### What you should do
Go line by line through the records and tally those that include "RiemannInt". Respond with the tally only.

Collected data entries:
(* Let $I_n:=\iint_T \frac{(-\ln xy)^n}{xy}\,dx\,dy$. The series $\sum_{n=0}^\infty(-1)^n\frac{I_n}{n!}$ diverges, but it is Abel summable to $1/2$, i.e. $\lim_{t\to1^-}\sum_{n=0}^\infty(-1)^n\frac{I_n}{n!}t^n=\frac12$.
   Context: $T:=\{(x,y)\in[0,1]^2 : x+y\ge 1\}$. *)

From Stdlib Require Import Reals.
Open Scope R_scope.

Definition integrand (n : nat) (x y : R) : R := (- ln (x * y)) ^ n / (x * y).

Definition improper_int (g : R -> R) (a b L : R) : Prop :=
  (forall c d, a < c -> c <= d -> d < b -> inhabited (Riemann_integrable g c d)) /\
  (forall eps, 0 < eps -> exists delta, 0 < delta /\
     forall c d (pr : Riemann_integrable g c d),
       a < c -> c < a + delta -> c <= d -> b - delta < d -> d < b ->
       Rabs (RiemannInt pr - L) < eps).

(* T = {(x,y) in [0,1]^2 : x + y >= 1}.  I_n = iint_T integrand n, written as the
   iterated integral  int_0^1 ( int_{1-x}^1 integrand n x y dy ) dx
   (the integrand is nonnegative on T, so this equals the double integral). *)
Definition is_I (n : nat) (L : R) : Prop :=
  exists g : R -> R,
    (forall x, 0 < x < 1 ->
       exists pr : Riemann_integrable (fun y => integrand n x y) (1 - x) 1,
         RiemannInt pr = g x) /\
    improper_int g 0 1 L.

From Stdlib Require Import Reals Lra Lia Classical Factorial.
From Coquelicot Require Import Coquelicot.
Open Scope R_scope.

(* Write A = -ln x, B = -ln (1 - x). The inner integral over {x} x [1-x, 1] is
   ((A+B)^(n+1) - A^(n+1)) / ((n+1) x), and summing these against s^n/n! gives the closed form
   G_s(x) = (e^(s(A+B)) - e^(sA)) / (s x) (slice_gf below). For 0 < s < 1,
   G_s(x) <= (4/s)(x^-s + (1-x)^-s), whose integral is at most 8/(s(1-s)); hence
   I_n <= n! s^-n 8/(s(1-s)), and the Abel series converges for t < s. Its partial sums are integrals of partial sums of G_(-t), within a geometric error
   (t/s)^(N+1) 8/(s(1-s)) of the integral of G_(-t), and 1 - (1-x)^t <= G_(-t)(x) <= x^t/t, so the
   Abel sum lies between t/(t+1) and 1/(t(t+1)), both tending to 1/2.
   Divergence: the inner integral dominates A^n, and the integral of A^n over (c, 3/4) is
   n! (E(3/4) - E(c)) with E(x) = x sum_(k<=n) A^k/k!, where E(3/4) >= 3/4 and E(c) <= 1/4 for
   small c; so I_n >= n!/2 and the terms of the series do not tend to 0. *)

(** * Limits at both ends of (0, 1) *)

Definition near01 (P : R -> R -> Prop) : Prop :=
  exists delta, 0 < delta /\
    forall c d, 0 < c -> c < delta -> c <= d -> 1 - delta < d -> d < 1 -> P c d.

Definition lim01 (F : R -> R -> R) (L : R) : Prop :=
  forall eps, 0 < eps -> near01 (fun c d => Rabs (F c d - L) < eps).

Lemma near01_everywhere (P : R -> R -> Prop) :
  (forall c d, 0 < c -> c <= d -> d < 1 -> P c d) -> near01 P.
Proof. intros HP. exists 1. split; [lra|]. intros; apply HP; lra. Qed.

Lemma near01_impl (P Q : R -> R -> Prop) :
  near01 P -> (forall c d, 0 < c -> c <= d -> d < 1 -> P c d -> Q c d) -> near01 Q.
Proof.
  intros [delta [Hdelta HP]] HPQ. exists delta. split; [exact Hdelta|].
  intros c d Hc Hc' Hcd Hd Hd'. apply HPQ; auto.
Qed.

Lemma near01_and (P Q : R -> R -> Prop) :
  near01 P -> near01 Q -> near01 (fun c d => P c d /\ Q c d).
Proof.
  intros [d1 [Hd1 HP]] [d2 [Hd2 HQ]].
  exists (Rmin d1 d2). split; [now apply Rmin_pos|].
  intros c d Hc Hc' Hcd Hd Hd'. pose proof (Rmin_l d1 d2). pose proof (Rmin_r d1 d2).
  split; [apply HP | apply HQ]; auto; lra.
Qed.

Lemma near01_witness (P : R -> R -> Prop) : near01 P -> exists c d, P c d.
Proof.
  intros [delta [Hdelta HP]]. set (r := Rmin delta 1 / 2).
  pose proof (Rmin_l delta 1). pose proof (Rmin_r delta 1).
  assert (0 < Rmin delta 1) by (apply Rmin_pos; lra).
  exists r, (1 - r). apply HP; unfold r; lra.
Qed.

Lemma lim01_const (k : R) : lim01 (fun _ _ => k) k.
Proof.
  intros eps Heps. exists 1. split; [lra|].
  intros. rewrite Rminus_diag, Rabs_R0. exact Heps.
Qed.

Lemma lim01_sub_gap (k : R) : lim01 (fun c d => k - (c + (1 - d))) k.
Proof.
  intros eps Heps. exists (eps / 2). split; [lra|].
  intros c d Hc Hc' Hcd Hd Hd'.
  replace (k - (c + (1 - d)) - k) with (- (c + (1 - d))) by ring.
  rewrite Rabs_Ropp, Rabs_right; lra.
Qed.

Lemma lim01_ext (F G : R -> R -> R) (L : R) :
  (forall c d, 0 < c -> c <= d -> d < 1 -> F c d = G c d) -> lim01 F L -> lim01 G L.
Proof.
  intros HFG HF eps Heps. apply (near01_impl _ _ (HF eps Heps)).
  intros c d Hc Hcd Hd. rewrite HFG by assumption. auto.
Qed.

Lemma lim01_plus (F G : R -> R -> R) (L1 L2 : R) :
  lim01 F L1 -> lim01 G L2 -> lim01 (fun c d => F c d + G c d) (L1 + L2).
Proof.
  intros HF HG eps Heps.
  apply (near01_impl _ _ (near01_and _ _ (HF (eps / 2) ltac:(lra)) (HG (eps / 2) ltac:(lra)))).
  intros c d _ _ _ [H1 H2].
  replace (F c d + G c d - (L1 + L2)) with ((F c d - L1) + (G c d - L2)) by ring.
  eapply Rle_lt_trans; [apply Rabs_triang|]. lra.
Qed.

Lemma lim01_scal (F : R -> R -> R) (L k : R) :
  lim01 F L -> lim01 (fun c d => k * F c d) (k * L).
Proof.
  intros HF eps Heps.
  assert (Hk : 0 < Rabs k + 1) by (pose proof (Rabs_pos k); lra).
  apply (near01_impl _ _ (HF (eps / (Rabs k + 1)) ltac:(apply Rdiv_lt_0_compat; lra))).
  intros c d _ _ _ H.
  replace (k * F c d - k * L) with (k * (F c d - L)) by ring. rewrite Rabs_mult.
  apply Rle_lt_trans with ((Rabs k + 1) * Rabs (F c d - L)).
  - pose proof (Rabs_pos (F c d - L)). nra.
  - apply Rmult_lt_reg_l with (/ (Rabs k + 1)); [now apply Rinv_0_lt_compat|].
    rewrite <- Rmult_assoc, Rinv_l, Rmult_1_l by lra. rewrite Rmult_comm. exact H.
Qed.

### Your response
2